[Stored data]
• • • • •

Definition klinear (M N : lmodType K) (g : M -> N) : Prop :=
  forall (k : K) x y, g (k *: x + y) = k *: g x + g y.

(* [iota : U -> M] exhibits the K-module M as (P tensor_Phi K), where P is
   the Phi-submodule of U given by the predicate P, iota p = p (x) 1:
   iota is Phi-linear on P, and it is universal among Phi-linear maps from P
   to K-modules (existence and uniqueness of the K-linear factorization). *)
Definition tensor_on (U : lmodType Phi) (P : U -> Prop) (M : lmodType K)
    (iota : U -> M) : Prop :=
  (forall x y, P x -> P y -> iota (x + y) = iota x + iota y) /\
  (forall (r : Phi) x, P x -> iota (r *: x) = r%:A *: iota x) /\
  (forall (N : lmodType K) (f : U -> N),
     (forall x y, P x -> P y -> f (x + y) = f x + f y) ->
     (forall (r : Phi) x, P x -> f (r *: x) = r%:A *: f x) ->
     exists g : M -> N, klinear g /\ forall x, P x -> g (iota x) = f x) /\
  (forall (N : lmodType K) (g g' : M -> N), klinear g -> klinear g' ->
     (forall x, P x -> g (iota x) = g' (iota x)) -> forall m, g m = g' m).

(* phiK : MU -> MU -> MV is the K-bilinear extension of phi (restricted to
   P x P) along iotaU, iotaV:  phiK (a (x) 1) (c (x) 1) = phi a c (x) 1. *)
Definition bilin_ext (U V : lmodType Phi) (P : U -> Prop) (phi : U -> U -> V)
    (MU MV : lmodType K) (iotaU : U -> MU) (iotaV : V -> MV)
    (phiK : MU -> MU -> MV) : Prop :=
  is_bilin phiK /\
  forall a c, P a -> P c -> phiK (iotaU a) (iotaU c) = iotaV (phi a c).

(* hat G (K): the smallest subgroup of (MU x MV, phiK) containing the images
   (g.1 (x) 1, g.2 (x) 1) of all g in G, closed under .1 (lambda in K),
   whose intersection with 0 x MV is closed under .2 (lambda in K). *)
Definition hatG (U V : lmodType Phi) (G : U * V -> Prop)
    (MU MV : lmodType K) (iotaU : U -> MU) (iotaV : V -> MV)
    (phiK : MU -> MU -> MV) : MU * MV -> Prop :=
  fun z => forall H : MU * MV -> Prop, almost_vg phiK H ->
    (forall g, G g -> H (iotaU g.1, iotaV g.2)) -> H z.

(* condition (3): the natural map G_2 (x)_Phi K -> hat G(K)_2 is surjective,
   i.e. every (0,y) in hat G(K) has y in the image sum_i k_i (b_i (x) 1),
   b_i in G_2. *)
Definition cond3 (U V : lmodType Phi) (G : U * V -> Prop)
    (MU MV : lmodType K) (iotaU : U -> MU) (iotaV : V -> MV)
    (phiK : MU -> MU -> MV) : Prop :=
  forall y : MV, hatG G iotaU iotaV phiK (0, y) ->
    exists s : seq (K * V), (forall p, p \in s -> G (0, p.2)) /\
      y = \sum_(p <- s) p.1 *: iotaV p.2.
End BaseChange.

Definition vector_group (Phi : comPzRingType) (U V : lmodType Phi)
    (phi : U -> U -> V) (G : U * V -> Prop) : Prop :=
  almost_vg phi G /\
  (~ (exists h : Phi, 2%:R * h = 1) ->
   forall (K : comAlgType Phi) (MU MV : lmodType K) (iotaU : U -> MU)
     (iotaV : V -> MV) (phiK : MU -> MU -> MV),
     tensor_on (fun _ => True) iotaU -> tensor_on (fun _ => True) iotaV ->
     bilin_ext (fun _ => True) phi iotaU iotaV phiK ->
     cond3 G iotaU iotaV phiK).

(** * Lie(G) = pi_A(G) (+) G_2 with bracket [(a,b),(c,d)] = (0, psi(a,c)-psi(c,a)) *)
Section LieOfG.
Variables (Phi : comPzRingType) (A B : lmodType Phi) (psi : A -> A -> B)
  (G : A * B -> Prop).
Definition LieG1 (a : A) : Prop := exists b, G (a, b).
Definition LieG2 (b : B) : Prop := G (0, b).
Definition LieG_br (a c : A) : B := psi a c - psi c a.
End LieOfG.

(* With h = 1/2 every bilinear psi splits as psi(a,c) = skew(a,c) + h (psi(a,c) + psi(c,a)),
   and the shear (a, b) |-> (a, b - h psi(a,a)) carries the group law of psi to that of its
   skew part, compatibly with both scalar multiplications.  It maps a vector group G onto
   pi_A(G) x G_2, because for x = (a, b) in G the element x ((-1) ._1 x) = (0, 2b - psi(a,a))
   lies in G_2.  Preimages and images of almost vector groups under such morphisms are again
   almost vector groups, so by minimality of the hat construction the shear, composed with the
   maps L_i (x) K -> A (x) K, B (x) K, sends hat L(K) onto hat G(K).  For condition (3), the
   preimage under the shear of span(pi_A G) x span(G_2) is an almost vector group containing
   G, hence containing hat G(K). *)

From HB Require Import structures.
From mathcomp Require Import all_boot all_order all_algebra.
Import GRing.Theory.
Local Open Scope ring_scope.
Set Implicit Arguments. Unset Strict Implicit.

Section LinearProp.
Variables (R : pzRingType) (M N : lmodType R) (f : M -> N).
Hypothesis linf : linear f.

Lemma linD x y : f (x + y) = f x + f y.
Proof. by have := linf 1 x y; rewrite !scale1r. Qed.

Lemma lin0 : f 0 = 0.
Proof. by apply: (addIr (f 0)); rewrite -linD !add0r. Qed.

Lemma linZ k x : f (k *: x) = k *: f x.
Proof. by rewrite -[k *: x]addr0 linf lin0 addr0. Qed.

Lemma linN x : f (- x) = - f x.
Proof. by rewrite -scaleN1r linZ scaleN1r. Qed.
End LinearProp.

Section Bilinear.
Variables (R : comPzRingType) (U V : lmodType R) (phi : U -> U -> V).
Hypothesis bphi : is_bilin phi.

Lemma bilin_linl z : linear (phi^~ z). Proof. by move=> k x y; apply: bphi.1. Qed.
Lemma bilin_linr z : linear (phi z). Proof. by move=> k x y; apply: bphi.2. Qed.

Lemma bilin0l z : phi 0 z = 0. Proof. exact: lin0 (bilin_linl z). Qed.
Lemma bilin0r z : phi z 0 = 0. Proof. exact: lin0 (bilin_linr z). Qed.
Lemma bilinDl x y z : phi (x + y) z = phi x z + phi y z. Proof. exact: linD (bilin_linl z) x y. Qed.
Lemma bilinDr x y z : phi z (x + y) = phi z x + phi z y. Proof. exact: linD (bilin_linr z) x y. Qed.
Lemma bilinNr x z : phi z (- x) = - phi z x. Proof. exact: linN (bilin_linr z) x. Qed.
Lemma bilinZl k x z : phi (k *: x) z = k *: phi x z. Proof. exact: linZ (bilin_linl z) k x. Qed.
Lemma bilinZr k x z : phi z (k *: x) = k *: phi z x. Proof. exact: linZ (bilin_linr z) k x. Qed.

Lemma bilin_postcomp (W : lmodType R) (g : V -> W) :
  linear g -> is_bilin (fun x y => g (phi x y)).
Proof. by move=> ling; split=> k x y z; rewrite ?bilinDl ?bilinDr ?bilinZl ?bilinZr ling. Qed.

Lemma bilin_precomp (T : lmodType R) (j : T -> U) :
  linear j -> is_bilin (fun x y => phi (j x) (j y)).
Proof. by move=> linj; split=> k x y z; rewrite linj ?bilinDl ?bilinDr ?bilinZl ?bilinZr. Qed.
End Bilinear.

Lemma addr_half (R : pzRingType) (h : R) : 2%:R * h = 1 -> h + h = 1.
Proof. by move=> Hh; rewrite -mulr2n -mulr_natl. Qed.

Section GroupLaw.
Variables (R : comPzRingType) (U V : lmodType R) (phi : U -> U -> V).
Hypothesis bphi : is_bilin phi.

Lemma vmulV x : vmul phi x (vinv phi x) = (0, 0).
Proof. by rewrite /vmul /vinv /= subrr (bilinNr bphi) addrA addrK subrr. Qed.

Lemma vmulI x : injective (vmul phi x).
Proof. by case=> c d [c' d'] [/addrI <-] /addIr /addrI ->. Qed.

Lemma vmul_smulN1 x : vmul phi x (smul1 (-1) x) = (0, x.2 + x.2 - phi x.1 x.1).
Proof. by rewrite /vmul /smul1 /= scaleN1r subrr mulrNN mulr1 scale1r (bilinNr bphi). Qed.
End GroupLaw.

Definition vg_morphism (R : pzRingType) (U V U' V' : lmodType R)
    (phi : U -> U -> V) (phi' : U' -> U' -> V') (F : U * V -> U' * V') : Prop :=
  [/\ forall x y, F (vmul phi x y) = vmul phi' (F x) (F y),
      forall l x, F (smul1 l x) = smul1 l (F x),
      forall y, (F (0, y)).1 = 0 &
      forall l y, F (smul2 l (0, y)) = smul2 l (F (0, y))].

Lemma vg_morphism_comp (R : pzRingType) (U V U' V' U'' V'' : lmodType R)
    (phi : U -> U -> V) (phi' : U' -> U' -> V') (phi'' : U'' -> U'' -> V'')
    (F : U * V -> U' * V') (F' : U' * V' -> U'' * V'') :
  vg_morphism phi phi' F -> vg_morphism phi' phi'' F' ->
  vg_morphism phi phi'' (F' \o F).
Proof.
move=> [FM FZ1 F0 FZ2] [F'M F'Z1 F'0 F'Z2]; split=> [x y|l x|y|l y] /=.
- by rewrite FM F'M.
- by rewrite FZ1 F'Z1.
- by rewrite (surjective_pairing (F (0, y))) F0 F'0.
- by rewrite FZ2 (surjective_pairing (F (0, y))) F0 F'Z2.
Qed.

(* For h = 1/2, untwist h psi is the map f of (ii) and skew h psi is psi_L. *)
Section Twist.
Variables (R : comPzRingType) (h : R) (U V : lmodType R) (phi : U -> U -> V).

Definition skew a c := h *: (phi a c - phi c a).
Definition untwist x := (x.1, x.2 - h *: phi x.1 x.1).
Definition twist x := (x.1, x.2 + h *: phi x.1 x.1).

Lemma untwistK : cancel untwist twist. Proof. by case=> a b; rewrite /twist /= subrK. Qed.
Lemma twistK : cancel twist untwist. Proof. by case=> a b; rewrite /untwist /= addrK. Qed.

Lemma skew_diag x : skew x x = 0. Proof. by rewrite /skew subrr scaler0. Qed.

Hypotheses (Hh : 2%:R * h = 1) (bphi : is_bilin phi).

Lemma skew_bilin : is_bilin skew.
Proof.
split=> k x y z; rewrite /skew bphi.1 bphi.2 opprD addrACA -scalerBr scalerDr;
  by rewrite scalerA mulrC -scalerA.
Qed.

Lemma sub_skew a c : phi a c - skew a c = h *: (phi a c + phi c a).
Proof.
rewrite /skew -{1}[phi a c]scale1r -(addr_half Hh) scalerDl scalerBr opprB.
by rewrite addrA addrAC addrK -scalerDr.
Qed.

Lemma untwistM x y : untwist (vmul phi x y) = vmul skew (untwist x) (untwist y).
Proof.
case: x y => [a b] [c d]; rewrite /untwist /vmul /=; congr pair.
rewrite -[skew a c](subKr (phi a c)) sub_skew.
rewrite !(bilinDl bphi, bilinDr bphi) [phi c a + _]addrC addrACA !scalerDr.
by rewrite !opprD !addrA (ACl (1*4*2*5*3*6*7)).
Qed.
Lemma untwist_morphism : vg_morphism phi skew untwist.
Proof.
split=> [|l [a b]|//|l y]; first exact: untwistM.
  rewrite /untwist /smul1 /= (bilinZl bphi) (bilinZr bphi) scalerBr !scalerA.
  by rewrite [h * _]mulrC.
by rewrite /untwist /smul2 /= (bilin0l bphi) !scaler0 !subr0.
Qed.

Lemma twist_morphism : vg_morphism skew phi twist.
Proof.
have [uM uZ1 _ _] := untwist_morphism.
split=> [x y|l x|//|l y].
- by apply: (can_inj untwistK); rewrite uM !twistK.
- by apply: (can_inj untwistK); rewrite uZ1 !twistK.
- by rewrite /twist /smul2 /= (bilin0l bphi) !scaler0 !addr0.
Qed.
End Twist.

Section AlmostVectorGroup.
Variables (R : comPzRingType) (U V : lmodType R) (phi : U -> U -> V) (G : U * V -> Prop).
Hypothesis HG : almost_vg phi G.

• • • • •

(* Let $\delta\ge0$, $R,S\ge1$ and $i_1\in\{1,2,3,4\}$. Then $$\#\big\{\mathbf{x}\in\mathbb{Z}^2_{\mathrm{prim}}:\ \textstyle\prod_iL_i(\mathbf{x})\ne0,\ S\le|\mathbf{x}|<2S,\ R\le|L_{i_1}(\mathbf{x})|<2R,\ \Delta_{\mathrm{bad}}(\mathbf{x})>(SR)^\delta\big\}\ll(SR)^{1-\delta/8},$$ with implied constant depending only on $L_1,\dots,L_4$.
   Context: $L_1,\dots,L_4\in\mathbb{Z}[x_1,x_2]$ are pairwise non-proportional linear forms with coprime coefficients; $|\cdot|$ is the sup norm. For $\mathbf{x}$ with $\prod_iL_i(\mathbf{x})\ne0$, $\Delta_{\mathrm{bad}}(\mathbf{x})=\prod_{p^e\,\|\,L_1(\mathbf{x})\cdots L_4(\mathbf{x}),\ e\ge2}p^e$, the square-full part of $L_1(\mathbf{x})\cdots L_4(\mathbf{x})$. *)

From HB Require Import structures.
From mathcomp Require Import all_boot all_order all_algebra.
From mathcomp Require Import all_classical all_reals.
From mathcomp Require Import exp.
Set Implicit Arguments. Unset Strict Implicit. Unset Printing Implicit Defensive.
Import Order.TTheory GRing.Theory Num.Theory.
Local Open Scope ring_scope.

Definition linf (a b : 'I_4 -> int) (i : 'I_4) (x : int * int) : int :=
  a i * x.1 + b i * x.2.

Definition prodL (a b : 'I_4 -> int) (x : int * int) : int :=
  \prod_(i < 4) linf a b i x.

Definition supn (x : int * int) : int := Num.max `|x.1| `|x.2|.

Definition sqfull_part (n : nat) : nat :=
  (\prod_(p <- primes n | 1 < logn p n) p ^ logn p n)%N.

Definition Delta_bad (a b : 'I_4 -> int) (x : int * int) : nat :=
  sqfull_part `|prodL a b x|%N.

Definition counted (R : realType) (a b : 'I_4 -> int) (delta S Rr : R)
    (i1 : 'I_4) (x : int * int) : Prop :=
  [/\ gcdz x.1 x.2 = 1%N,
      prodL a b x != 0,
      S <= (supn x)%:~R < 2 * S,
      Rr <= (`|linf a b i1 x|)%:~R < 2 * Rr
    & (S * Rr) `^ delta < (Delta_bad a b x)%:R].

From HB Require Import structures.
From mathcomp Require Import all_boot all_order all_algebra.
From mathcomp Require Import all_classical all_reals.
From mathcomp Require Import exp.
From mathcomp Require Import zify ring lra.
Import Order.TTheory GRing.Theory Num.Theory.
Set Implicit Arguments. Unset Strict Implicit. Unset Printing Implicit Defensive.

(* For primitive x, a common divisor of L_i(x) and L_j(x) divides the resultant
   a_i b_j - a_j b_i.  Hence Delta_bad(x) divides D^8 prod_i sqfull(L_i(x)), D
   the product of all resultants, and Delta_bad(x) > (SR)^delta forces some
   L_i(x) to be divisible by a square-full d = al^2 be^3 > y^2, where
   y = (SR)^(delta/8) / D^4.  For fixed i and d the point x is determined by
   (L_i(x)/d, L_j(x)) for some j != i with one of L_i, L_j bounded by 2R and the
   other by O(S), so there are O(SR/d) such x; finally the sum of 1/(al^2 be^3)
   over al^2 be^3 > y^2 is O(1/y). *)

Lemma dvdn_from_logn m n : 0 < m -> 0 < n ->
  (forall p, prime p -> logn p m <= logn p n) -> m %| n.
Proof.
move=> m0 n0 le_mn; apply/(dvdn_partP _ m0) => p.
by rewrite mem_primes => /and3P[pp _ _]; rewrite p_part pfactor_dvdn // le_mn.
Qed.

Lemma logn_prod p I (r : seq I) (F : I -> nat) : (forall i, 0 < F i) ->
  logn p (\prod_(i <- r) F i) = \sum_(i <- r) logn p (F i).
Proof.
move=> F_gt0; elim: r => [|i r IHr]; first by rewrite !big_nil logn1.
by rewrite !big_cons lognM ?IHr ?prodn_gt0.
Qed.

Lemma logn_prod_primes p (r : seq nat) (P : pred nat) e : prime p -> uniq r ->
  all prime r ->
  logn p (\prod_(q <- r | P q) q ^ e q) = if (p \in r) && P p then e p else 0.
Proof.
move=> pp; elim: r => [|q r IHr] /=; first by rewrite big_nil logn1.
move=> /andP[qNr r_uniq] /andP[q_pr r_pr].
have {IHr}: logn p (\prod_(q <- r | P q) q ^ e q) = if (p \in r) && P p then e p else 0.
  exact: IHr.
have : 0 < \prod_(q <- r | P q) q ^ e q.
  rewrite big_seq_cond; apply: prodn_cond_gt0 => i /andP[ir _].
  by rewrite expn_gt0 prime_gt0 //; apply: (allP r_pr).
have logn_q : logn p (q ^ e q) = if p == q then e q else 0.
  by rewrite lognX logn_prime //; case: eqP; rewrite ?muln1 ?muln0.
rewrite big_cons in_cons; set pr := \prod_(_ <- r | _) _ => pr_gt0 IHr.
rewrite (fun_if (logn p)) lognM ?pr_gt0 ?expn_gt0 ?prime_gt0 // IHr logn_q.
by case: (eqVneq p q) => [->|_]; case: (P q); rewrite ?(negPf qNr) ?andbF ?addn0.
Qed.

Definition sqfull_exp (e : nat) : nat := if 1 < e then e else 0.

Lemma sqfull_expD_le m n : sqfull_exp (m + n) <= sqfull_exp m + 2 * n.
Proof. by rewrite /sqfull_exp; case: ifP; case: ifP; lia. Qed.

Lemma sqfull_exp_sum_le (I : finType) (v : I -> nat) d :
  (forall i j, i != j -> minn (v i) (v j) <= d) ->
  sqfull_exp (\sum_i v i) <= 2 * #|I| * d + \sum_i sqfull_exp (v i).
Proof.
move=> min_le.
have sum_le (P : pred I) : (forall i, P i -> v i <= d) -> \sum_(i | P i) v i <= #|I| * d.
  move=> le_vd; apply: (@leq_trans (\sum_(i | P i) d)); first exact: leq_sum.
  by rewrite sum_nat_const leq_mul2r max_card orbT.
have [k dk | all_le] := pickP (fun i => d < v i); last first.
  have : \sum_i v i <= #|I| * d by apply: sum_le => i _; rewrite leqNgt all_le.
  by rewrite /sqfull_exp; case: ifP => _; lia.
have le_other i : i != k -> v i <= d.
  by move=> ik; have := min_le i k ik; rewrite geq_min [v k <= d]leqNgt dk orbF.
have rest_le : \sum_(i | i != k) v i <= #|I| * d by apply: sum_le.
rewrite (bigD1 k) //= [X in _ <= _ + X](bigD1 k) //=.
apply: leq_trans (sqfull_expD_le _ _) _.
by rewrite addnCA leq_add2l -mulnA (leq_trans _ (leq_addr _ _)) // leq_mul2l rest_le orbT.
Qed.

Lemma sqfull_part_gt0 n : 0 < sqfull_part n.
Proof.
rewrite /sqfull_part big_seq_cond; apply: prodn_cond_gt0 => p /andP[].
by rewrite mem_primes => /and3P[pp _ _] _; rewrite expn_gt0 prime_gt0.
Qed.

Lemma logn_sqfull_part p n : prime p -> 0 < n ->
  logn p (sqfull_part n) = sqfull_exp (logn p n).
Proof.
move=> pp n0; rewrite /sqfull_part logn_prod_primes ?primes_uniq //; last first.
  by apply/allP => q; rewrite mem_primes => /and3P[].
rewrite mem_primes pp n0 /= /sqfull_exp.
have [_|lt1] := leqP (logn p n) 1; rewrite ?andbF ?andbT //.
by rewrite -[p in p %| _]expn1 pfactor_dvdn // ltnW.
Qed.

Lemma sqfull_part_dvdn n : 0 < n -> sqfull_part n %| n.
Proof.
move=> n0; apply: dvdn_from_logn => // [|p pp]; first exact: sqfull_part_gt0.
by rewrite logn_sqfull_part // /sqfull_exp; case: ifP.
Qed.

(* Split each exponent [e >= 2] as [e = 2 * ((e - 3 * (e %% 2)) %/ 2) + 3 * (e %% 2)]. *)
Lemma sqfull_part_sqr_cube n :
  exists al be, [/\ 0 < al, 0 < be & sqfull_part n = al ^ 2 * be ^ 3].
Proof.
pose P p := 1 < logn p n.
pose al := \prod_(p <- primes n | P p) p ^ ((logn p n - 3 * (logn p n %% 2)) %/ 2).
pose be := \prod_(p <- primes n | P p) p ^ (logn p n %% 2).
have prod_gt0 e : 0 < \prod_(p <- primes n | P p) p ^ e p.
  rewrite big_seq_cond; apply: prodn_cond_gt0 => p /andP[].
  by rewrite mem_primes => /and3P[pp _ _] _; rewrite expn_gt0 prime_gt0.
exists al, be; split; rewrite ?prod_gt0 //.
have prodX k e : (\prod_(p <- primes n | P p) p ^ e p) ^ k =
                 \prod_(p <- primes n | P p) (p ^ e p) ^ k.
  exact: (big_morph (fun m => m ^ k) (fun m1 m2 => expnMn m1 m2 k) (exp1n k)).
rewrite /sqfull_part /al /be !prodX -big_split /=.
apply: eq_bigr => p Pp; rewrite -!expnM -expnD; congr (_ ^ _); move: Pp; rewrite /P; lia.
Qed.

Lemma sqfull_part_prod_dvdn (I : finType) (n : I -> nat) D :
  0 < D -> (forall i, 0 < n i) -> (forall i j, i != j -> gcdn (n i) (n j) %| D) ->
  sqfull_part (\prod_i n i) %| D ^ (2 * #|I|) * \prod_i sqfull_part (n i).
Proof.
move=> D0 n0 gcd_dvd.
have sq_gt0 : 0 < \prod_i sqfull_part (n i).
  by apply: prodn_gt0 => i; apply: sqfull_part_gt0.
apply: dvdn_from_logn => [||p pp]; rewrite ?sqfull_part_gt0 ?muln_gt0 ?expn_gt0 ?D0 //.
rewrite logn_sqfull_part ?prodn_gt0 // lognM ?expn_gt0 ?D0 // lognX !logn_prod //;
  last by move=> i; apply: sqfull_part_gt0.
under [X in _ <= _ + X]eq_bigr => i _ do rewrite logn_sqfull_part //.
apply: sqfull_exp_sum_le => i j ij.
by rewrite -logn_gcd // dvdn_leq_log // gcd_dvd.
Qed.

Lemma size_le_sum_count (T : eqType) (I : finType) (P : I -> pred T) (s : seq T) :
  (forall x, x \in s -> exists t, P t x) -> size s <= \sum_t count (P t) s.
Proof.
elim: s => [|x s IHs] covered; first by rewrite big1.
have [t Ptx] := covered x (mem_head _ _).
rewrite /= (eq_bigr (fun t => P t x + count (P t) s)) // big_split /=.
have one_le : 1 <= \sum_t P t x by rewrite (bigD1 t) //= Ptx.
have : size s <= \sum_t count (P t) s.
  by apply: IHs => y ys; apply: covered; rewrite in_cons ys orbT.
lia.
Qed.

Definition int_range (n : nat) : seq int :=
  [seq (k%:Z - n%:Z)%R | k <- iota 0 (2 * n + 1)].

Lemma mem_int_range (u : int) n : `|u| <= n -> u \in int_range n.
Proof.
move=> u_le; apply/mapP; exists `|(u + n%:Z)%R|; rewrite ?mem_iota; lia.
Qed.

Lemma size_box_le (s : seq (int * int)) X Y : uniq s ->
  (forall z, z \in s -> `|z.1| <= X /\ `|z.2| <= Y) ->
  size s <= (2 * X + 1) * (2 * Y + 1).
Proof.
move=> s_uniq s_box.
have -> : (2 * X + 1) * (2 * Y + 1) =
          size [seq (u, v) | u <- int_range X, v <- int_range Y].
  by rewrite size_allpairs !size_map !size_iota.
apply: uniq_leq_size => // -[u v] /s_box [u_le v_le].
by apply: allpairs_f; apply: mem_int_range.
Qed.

• • • • •

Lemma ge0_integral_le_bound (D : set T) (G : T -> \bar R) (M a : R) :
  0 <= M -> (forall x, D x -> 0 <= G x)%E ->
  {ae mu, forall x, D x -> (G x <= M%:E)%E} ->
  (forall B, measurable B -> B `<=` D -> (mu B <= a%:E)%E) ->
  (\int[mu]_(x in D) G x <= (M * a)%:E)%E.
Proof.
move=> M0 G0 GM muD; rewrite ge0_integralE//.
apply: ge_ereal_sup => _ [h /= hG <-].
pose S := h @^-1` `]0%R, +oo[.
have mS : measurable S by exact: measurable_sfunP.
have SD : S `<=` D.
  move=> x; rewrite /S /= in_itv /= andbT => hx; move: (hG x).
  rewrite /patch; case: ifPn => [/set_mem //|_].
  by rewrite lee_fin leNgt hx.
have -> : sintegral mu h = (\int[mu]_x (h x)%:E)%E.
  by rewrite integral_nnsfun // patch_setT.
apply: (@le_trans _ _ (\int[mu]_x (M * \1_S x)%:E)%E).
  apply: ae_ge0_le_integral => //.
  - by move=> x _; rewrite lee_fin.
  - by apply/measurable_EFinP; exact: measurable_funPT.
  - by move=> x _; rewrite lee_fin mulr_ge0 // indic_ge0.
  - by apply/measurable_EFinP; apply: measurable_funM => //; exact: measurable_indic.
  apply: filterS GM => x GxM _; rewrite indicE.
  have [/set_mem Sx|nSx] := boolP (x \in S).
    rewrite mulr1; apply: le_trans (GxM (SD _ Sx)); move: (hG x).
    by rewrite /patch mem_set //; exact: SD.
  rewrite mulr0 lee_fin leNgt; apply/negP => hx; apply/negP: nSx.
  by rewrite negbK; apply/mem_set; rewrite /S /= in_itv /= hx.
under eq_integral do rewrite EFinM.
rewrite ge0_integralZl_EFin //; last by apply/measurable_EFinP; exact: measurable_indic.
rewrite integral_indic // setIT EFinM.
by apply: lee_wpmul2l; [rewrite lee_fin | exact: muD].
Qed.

• • • • •

▶ _Task brief_
In the data above, which lines lie between the line with "move=> D0 n0 gcd_dvd." and the line with "Lemma size_le_sum_count (T", inclusive? Print those lines exactly and nothing else.

▶ _Exercise output_
move=> D0 n0 gcd_dvd.
have sq_gt0 : 0 < \prod_i sqfull_part (n i).
  by apply: prodn_gt0 => i; apply: sqfull_part_gt0.
apply: dvdn_from_logn => [||p pp]; rewrite ?sqfull_part_gt0 ?muln_gt0 ?expn_gt0 ?D0 //.
rewrite logn_sqfull_part ?prodn_gt0 // lognM ?expn_gt0 ?D0 // lognX !logn_prod //;
  last by move=> i; apply: sqfull_part_gt0.
under [X in _ <= _ + X]eq_bigr => i _ do rewrite logn_sqfull_part //.
apply: sqfull_exp_sum_le => i j ij.
by rewrite -logn_gcd // dvdn_leq_log // gcd_dvd.
Qed.

Lemma size_le_sum_count (T : eqType) (I : finType) (P : I -> pred T) (s : seq T) :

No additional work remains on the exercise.